Show me the (quality) data!
Show me your data!
Put it online!
Make it re-useable and accessible!
That’s the rallying cry of many in the Open Data movement. Few, at this point, seem to be demanding: make sure your data is credible, robust and of high quality! Why is this important? It is true that there is value in making a range of data sets available to stimulate interest in data use. At the same time, there is a real risk that the Open Data momentum could be derailed if out- of-date or inaccurate data sets made available by governments are used for economic forecasting, developmental planning or attempts to hold a government to account. Imagine a CSO trying to measure a country’s progress toward a developmental goal based on 10-year-old poverty data. Think it’s an unrealistic scenario? Think again.
In Kenya, the most recent household poverty data available was compiled in 2005-06. This data has now been released though the Open Data portal. How useful is it? How can NGOs use it to argue for effecting changes? To measure government development goal delivery? How can the Government develop economic policies or make resource allocations based on this data?
Most data is, or should be, drawn from records, and if the records aren’t reliable, the data won’t be reliable. Records integrity is based on proper management of the information from the time it is created until it ceases to have value.
Where reliable records cannot be accessed, openness is unachievable. When record keeping is poor, ordinary citizens are the losers. Poorly managed records tend to be incomplete, difficult to locate, and hard to authenticate; they can be easily manipulated, deleted, fragmented or lost. They undermine Open Government initiatives and result in inaccurate or incomplete data and information, which in turn can lead to the misunderstanding and misuse of information, cover-up of fraud, skewed findings and statistics, misguided policy and misplaced funding, all with serious consequences for citizens’ lives. Poor quality records can impair delivery of justice, human rights cannot be protected, government services are compromised, and civil society cannot hold governments to account.

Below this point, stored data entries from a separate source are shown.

Lemma dot_sym (n : nat) (S : Mat) (x y : Vec) :
  symmetric n S -> dot n x (mvec n S y) = dot n (mvec n S x) y.
Proof. intros hs. rewrite dot_trm. apply dot_ext; auto. intros; now apply sym_trm. Qed.

Lemma quad_dot (n : nat) (A : Mat) (x : Vec) : quad n A x = dot n x (mvec n A x).
Proof. reflexivity. Qed.

Lemma dot_nonneg (n : nat) (x : Vec) : 0 <= dot n x x.
Proof. apply sumR_nonneg. intros; apply Rle_0_sqr. Qed.

Lemma sq_le_dot (n : nat) (x : Vec) (i : nat) : (i < n)%nat -> x i * x i <= dot n x x.
Proof. intros hi. apply (sumR_single_le n (fun k => x k * x k)); auto. intros; apply Rle_0_sqr. Qed.

Lemma quad_inv (n : nat) (S Sinv : Mat) (x : Vec) :
  meq n n (mmul n S Sinv) idm -> quad n Sinv x = quad n S (mvec n Sinv x).
Proof.
  intros h. rewrite !quad_dot, dot_comm. apply dot_ext; auto.
  intros i hi. rewrite <- mvec_mmul, (mvec_ext n _ idm x x h), mvec_idm; auto.
Qed.

Lemma sym_inv (n : nat) (S Sinv : Mat) :
  symmetric n S -> meq n n (mmul n S Sinv) idm -> symmetric n Sinv.
Proof.
  intros hs h i j hi hj. unfold trm.
  set (a := mvec n Sinv (ev i)). set (b := mvec n Sinv (ev j)).
  rewrite <- (mvec_ev n Sinv j i hj), <- (mvec_ev n Sinv i j hi). fold a b.
  rewrite <- (dot_ev_l n i b hi), <- (dot_ev_r n j a hj).
  rewrite (dot_ext n (ev i) (mvec n S a) b b), (dot_ext n a a (ev j) (mvec n S b)); auto.
  - now rewrite dot_sym.
  - intros; symmetry; now apply inv_col.
  - intros; symmetry; now apply inv_col.
Qed.

(** * The Riccati solution dominates the process noise *)

Lemma riccati_quad_expansion (n : nat) (H C V W Sg M : Mat) (z : Vec) :
  symmetric n Sg ->
  meq n n Sg
    (madd (msub (mmul n (mmul n H Sg) (trm H))
                (mmul n (mmul n (mmul n (mmul n (mmul n H Sg) (trm C)) M) C) (mmul n Sg (trm H))))
          W) ->
  let u := mvec n (trm H) z in
  let w := mvec n C (mvec n Sg u) in
  quad n Sg z = dot n u (mvec n Sg u) - dot n w (mvec n M w) + quad n W z.
Proof.
  intros hsym hric u w. rewrite !quad_dot.
  rewrite (dot_ext n z z (mvec n Sg z)
     (fun i => mvec n (mmul n (mmul n H Sg) (trm H)) z i
               + (-1) * mvec n (mmul n (mmul n (mmul n (mmul n (mmul n H Sg) (trm C)) M) C)
                                     (mmul n Sg (trm H))) z i
               + 1 * mvec n W z i)); auto.
  2:{ intros i hi. rewrite (mvec_ext n _ _ z z hric), mvec_madd, mvec_msub; auto. ring. }
  rewrite !dot_lin_r, !mvec_mmul, !(dot_trm n z H). fold u. fold w.
  replace (dot n u (mvec n Sg (mvec n (trm C) (mvec n M w)))) with (dot n w (mvec n M w)).
  - ring.
  - symmetry. rewrite (dot_sym n Sg), dot_trm by auto. reflexivity.
Qed.

(* Sigma - W = H (Sigma - Sigma C^T M C Sigma) H^T is positive semidefinite,
   because the gain equation M (C Sigma C^T + s2 I) = I with s2 >= 0 makes
   the subtracted term no larger than Sigma on the relevant vectors. *)
Lemma riccati_dominates_noise (n : nat) (H C V W Sg : Mat) (s2 : R) :
  psd n Sg -> V = mscale s2 idm -> 0 <= s2 ->
  riccati_solution n H C V W Sg -> forall z, quad n W z <= quad n Sg z.
Proof.
  intros [hsym hpsd] hV hs2 [M [[hinv _] hric]] z.
  rewrite (riccati_quad_expansion n H C V W Sg M z hsym hric).
  set (u := mvec n (trm H) z). set (w := mvec n C (mvec n Sg u)).
  set (t := mvec n M w). set (s := mvec n (trm C) t).
  assert (gain : forall i, (i < n)%nat -> mvec n C (mvec n Sg s) i + s2 * t i = w i).
  { intros i hi. unfold t. rewrite <- (mvec_idm n w i hi), <- (mvec_ext n _ _ w w hinv); auto.
    rewrite mvec_mmul, mvec_madd, hV, mvec_scal_idm, !mvec_mmul by auto. reflexivity. }
  assert (Etw : dot n t w = dot n s (mvec n Sg s) + s2 * dot n t t).
  { rewrite (dot_ext n t t w (fun i => mvec n C (mvec n Sg s) i + s2 * t i)); auto.
    - now rewrite dot_lin_r, dot_trm.
    - intros; now rewrite gain. }
  assert (Esu : dot n s (mvec n Sg u) = dot n w t) by (unfold s; now rewrite dot_comm, dot_trm).
  assert (Eus : dot n u (mvec n Sg s) = dot n s (mvec n Sg u)) by (now rewrite dot_sym, dot_comm).
  assert (Hpsd := hpsd (fun k => u k + (-1) * s k)). rewrite quad_dot in Hpsd.
  replace (mvec n Sg (fun k => u k + (-1) * s k))
    with (fun k => mvec n Sg u k + (-1) * mvec n Sg s k) in Hpsd
    by (apply functional_extensionality; intros; now rewrite mvec_lin).
  rewrite dot_lin_l, !dot_lin_r in Hpsd.
  assert (0 <= s2 * dot n t t) by (apply Rmult_le_pos; [lra | apply dot_nonneg]).
  rewrite dot_comm in Etw. fold t. nra.
Qed.

(** * The smallest eigenvalue bounds the Rayleigh quotient *)

(* Sum of the absolute values of the entries: a crude operator-norm bound. *)
Definition absum (n : nat) (A : Mat) : R := sumR n (fun i => sumR n (fun j => Rabs (A i j))).

Lemma absum_nonneg (n : nat) (A : Mat) : 0 <= absum n A.
Proof. apply sumR_nonneg. intros. apply sumR_nonneg. intros. apply Rabs_pos. Qed.

Lemma quad_bound (n : nat) (A : Mat) (x : Vec) : Rabs (quad n A x) <= absum n A * dot n x x.
Proof.
  unfold quad, absum, mvec.
  rewrite (sumR_ext n _ (fun i => sumR n (fun j => A i j * (x i * x j)))).
  2:{ intros. rewrite <- sumR_scal. apply sumR_ext. intros; ring. }
  eapply Rle_trans; [apply Rabs_sumR|].
  rewrite Rmult_comm, <- sumR_scal. apply sumR_le. intros i hi.
  eapply Rle_trans; [apply Rabs_sumR|].
  rewrite <- sumR_scal. apply sumR_le. intros j hj.
  rewrite Rabs_mult, (Rmult_comm (dot n x x)). apply Rmult_le_compat_l; [apply Rabs_pos|].
  (* |x_i x_j| <= (x_i^2 + x_j^2) / 2 <= |x|^2 *)
  assert (h1 := sq_le_dot n x i hi). assert (h2 := sq_le_dot n x j hj).
  rewrite Rabs_mult.
  assert (0 <= (Rabs (x i) - Rabs (x j)) * (Rabs (x i) - Rabs (x j))) by apply Rle_0_sqr.
  assert (Rabs (x i) * Rabs (x i) = x i * x i)
    by (rewrite <- Rabs_mult; apply Rabs_right, Rle_ge, Rle_0_sqr).
  assert (Rabs (x j) * Rabs (x j) = x j * x j)
    by (rewrite <- Rabs_mult; apply Rabs_right, Rle_ge, Rle_0_sqr).
  nra.
Qed.

Lemma quad_upper (n : nat) (A : Mat) (x : Vec) : quad n A x <= absum n A * dot n x x.
Proof. eapply Rle_trans; [apply Rle_abs | apply quad_bound]. Qed.

Lemma quad_lower (n : nat) (A : Mat) (x : Vec) : - (absum n A * dot n x x) <= quad n A x.
Proof.
  assert (h := quad_bound n A x). rewrite <- Rabs_Ropp in h.
  generalize (Rle_abs (- quad n A x)). lra.
Qed.

(* Every square matrix P has a left inverse or a nonzero left null vector.
   This is the determinant dichotomy of MathComp, transported to matrices
   given as functions nat -> nat -> R. *)
Module DetDichotomy.
Import HB.structures mathcomp.boot.all_boot mathcomp.order.all_order.
Import mathcomp.algebra.all_algebra mathcomp.reals_stdlib.Rstruct GRing.Theory.

Lemma sumR_big (n : nat) (f : nat -> R) : sumR n f = (\sum_(i < n) f i)%R.
Proof.
  elim: n => [|n IH]; first by rewrite big_ord0.
  by rewrite sumR_S big_ord_recr /= IH.
Qed.

Definition ext (n : nat) (F : 'I_n -> R) (k : nat) : R :=
  match (insub k : option 'I_n) with Some i => F i | None => 0%R end.
Arguments ext {n}.

Lemma extE (n : nat) (F : 'I_n -> R) (i : 'I_n) : ext F i = F i.
Proof. by rewrite /ext valK. Qed.
Arguments extE {n}.

Lemma left_inverse_or_left_kernel (n : nat) (P : Mat) :
  (exists Q : Mat, forall i j, (i < n)%coq_nat -> (j < n)%coq_nat ->
       sumR n (fun k => Q i k * P k j) = idm i j)
  \/ (exists v : Vec, nonzero_vec n v /\
       forall j, (j < n)%coq_nat -> sumR n (fun i => v i * P i j) = 0).
Proof.
  set A : 'M[R]_n := (\matrix_(i < n, j < n) P i j)%R.
  case: (boolP (\det A == 0)%R) => hdet.
  - right. move: hdet => /det0P [v vnz vA].
    exists (ext (fun i => v ord0 i)). split.
    + case: (pickP (fun i => v ord0 i != 0%R)) => [i hi|h0].
      * exists (nat_of_ord i); split; first by apply/ssrnat.ltP; exact: ltn_ord.
        by rewrite extE; apply/eqP.
      * exfalso; move/negP: vnz; apply; apply/eqP/rowP => i.
        move: (h0 i) => /= /negbFE /eqP ->. by rewrite mxE.
    + move=> j /ssrnat.ltP hj. rewrite sumR_big.
      have := congr1 (fun M : 'rV_n => M ord0 (Ordinal hj)) vA.
      rewrite /= !mxE => e0. apply: (etrans _ e0). apply: eq_bigr => i _.
      by rewrite extE /A mxE.
  - left. have hu : A \in unitmx by rewrite unitmxE unitfE.
    exists (fun i j => ext (fun ii => ext (fun jj => invmx A ii jj) j) i).
    move=> i j /ssrnat.ltP hi /ssrnat.ltP hj. rewrite sumR_big.
    have := congr1 (fun M : 'M_n => M (Ordinal hi) (Ordinal hj)) (mulVmx hu).
    rewrite /= !mxE => e.
    have -> : idm i j = ((Ordinal hi == Ordinal hj)%:R)%R.
      rewrite /idm /=. case: (Nat.eqb_spec i j) => eij; case: eqP => eo //.
      - by exfalso; apply: eo; apply: val_inj.
      - by exfalso; apply: eij; move: (congr1 val eo).
    rewrite -e. apply: eq_bigr => k _.
    by rewrite (extE _ (Ordinal hi)) extE !mxE.
Qed.

End DetDichotomy.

Paper-based records, which are still used extensively, are not well managed in many cases; while the rapid introduction of ICT systems across governments has not addressed the challenges of protecting the integrity of the digital information that these systems generate.
Take the example of paper record keeping in the Burundi Supreme Court, where records over seven years old were found to be in abysmal condition. Poorly stored in a basement, where they were subjected to rain and dust; shelves had collapsed, and the records were in heaped in indiscriminate piles. A stray dog even managed to make its way into the basement and ripped up some records to have a litter of puppies on. Imagine trying to generate judiciary statistics covering a 10-year period to measure number of rulings? Or the fairness of the trials? Try to generate the necessary data using these records to determine how accountable a court is, how transparent court rulings or processes are.
And digital record-keeping is not immune either: work in Sierra Leone on civil servants’ and teachers’ records demonstrates how misleading employment data can be if the records used to generate it are badly kept. Once accurate records had been created and provided as the basis for verifying actual teachers against the payrolls, it was determined that ‘ghost workers’ – people claiming the pay for dead or non existent people beyond retirement age – accounted for approximately 14% of the civil service payroll and approximately 25% of the teachers’ payroll. The discovery will save the government millions of dollars annually and enabling accurate human resource planning. Openness, transparency and accountability in relation to employment data would not have been meaningful before the records controls were introduced.
Ultimately Open Data will need to be credible.
It is important to move beyond the idea that simply publishing data sets will foster momentum and interest in the use of data for accountability or economic growth. More thought must be given to the integrity of the records that provide the basis for the data, and the means of tracing the data back to the source evidence. Governments must be held to account for what they publish, and we, too, must be accountable for the information that we encourage them to provide.